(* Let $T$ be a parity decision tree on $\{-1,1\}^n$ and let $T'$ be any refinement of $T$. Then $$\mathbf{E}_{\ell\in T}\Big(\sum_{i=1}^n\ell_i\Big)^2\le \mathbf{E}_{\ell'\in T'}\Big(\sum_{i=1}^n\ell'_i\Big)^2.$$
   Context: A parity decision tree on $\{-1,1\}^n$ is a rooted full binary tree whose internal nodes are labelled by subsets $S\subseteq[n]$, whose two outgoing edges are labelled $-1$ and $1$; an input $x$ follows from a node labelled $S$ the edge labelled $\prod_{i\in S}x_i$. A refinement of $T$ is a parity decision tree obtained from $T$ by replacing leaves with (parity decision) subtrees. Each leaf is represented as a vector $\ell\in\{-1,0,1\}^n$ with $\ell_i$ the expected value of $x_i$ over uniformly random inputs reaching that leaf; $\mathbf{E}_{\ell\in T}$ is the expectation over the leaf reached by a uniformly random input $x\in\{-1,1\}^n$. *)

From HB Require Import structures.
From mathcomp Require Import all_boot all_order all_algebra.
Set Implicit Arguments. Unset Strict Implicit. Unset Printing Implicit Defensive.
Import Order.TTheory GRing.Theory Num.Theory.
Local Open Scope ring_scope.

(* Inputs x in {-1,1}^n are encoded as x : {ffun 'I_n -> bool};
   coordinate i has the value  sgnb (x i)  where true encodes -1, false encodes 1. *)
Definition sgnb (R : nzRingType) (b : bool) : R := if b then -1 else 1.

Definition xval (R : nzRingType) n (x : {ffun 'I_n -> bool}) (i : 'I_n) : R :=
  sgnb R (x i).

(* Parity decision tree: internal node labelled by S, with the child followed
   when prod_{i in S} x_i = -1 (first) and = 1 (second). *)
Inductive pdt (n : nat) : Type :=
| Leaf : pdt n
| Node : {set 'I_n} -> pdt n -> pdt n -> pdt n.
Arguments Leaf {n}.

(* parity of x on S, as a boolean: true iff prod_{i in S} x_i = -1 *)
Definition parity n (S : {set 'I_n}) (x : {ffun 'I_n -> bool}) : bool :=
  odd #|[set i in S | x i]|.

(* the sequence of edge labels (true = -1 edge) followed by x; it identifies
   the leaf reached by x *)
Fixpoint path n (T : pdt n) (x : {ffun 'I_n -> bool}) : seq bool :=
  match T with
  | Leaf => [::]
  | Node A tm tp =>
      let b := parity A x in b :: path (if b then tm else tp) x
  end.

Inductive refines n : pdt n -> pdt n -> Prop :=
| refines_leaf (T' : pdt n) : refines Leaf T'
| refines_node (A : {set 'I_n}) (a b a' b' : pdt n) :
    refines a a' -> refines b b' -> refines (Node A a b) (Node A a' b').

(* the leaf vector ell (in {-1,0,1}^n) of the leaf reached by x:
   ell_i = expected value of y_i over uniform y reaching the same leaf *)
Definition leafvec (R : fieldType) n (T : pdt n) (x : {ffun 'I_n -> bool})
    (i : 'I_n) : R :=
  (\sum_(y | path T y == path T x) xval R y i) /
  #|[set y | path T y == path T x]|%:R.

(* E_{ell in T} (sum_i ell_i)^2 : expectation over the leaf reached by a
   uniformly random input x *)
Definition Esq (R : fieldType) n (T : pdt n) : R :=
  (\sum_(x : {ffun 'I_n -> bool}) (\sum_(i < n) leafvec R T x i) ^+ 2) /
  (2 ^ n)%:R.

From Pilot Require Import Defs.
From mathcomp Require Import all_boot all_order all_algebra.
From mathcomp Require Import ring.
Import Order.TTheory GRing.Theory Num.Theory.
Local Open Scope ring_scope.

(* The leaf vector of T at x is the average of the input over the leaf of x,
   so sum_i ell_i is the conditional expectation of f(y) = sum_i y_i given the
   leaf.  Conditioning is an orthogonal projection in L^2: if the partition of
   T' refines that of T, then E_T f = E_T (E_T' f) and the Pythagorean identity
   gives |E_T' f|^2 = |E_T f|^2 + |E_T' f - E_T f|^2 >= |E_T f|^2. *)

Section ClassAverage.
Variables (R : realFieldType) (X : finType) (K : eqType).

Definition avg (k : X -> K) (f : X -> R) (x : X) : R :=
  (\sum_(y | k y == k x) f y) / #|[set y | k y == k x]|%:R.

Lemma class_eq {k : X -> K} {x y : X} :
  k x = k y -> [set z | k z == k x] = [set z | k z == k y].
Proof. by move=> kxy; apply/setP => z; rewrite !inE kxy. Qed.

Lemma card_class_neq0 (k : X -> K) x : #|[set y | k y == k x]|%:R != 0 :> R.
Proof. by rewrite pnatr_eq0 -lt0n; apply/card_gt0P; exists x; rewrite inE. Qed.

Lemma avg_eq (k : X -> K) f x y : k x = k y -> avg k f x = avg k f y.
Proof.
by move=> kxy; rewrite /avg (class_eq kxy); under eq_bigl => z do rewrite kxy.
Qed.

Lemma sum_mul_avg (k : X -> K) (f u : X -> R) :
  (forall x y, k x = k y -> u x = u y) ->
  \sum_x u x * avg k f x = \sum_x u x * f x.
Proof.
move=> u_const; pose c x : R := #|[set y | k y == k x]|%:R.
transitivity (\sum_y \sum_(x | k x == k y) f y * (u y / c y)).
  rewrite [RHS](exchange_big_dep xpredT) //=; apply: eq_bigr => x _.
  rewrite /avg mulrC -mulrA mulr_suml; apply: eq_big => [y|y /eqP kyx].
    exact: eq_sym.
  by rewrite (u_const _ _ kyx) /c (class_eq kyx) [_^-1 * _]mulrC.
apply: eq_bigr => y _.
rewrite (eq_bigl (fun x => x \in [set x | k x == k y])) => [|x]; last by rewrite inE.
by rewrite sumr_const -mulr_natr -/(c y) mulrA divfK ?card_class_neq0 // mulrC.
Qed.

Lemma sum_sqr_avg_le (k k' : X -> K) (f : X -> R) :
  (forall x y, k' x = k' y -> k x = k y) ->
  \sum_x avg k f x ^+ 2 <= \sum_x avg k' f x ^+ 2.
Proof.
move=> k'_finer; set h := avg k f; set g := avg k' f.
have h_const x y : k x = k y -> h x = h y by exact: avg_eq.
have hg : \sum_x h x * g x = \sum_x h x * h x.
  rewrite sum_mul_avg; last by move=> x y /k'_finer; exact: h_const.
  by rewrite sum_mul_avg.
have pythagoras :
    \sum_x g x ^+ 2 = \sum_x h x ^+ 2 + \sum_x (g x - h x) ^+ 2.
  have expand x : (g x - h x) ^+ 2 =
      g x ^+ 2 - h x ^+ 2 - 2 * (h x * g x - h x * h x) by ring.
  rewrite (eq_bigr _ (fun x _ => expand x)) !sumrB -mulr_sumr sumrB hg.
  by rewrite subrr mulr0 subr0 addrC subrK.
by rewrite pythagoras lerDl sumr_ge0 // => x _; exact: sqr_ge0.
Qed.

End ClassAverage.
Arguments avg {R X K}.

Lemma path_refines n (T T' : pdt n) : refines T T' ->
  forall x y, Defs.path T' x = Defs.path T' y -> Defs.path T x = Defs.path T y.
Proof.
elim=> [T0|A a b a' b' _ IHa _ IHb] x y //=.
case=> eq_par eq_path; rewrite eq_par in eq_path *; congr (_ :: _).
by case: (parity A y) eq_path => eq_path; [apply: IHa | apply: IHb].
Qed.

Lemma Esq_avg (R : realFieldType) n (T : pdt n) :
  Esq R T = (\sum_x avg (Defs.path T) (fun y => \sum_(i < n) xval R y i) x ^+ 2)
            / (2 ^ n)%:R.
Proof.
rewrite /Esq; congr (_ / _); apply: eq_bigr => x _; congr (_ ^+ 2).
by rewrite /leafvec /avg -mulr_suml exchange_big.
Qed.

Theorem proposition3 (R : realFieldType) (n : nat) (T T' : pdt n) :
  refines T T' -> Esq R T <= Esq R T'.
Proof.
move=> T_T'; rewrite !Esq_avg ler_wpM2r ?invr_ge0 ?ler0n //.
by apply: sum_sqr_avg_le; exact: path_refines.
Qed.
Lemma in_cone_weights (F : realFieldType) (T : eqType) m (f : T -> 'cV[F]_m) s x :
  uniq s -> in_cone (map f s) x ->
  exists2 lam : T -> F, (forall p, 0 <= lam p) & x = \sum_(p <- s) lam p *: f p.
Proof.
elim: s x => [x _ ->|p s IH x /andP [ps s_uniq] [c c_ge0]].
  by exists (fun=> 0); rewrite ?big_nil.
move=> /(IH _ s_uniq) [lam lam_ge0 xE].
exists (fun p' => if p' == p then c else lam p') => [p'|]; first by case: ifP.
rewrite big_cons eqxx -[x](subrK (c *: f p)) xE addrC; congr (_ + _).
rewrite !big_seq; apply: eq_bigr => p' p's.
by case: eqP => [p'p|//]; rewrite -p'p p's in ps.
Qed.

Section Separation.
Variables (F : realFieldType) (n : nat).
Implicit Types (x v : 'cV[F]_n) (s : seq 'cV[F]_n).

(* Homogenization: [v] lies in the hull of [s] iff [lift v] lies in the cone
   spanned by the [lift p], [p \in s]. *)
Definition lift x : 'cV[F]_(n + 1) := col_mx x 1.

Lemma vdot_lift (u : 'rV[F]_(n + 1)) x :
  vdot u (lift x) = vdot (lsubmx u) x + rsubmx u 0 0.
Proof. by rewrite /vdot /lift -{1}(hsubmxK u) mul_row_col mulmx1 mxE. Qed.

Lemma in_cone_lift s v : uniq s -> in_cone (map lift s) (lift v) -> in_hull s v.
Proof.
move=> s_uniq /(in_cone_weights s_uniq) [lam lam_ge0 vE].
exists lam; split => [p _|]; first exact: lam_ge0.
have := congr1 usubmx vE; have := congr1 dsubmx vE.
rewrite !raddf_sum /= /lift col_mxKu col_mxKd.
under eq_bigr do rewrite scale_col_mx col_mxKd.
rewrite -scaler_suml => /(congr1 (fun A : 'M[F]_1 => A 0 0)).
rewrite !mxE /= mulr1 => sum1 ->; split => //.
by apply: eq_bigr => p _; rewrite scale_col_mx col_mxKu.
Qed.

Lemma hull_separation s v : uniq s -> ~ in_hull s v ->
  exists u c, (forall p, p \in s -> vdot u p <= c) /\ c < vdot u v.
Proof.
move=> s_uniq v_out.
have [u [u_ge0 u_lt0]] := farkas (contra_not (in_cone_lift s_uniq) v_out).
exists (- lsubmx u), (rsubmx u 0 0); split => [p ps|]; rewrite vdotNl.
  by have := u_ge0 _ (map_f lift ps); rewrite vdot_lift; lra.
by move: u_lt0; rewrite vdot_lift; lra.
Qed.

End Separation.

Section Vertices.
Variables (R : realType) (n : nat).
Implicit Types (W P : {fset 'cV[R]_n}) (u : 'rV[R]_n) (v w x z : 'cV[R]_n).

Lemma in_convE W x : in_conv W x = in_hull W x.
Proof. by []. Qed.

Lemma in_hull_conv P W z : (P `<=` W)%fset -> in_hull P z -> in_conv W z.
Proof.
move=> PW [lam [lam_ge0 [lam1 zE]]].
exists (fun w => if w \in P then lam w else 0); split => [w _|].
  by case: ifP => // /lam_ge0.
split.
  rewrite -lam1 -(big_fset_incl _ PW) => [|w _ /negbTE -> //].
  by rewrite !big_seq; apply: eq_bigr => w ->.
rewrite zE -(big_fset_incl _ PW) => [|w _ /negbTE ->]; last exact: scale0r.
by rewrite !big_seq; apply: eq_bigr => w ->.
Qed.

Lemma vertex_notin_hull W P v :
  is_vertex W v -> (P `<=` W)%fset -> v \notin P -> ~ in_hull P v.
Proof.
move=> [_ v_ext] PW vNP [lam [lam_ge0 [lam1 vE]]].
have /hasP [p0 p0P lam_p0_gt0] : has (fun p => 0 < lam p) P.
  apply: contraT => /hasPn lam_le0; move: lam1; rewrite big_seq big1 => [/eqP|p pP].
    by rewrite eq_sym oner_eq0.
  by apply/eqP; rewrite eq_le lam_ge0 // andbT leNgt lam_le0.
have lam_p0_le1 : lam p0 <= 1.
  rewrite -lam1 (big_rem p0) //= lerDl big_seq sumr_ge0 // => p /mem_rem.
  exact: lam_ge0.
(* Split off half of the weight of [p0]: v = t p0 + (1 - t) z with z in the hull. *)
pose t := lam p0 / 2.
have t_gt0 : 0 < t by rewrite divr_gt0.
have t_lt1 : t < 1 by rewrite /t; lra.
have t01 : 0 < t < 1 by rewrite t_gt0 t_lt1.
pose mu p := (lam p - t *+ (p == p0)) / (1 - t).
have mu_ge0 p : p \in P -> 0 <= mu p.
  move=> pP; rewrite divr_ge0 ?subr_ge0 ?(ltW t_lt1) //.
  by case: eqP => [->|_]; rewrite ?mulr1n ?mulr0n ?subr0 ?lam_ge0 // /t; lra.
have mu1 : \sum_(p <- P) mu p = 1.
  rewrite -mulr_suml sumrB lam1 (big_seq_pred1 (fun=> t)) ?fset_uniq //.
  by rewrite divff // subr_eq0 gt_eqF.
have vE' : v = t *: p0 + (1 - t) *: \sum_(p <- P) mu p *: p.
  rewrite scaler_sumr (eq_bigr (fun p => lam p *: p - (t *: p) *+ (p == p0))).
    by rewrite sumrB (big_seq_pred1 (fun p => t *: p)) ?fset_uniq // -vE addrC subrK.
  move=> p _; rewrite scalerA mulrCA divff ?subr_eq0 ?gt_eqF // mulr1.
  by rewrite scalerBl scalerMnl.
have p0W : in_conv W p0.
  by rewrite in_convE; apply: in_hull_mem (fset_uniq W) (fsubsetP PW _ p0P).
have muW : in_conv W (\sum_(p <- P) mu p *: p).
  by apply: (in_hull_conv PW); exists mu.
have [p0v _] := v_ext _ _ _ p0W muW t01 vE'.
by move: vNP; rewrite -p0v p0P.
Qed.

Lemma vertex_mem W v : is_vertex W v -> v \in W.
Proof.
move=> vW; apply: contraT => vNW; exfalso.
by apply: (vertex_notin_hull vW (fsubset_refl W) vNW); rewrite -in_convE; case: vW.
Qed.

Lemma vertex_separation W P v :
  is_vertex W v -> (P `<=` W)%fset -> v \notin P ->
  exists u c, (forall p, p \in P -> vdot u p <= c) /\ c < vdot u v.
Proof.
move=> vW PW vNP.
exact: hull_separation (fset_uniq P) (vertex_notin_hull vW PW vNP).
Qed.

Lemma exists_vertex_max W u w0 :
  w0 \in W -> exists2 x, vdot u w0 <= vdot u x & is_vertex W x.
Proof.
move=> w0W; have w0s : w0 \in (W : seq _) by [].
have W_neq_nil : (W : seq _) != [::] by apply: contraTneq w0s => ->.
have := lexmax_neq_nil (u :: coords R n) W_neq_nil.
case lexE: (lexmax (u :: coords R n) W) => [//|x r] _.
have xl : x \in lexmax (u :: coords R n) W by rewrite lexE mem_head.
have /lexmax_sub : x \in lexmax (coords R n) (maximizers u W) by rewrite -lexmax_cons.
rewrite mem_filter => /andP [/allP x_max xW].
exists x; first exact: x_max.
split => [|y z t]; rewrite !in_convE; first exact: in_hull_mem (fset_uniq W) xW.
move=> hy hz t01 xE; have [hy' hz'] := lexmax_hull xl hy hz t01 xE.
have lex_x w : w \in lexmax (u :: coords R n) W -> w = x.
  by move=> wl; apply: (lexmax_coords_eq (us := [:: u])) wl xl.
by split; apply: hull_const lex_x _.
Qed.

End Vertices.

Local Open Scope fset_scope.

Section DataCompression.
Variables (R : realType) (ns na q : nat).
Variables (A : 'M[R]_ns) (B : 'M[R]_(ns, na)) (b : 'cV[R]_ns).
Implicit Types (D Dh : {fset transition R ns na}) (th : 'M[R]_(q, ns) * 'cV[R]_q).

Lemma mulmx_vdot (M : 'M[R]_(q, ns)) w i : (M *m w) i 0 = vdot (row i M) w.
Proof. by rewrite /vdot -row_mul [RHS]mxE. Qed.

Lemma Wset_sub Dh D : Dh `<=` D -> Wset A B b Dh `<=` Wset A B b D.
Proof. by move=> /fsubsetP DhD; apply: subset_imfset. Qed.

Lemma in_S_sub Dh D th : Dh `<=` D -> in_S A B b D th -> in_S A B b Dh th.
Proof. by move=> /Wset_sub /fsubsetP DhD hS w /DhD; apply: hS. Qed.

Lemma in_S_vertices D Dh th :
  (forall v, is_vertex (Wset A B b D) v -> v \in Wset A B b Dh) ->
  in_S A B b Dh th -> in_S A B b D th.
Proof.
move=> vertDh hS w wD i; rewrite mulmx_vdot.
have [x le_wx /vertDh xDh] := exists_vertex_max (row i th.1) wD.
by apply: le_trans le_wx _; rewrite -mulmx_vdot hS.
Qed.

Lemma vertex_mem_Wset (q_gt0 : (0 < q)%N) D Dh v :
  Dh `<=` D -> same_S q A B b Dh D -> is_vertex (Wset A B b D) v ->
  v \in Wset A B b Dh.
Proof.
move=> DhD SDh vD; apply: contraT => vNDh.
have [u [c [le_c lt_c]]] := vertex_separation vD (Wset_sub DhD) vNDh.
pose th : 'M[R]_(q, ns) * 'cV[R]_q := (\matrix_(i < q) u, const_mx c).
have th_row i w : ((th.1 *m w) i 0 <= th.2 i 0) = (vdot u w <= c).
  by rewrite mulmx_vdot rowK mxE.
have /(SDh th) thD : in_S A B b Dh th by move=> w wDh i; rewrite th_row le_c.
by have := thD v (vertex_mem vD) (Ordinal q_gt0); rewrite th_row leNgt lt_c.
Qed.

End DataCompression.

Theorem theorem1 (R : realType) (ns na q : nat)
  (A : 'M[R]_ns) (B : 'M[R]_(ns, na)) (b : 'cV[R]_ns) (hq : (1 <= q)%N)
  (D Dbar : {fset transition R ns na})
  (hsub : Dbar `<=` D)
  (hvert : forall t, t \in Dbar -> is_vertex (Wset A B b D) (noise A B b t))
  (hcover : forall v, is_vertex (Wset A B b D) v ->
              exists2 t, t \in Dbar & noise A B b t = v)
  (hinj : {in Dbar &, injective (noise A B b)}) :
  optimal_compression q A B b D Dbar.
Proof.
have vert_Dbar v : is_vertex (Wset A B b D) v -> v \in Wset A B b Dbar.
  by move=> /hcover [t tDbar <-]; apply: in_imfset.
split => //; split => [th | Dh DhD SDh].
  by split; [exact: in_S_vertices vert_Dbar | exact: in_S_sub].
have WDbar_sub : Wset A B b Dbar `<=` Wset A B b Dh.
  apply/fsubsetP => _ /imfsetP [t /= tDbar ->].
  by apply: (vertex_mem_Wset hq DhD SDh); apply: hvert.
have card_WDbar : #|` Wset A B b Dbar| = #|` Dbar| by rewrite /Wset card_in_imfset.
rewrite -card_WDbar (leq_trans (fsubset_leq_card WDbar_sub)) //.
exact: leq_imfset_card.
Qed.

Assigned task
Work out the number of lines in the entries above that hold the word "DataCompression", giving the number without comment.

Exercise result
2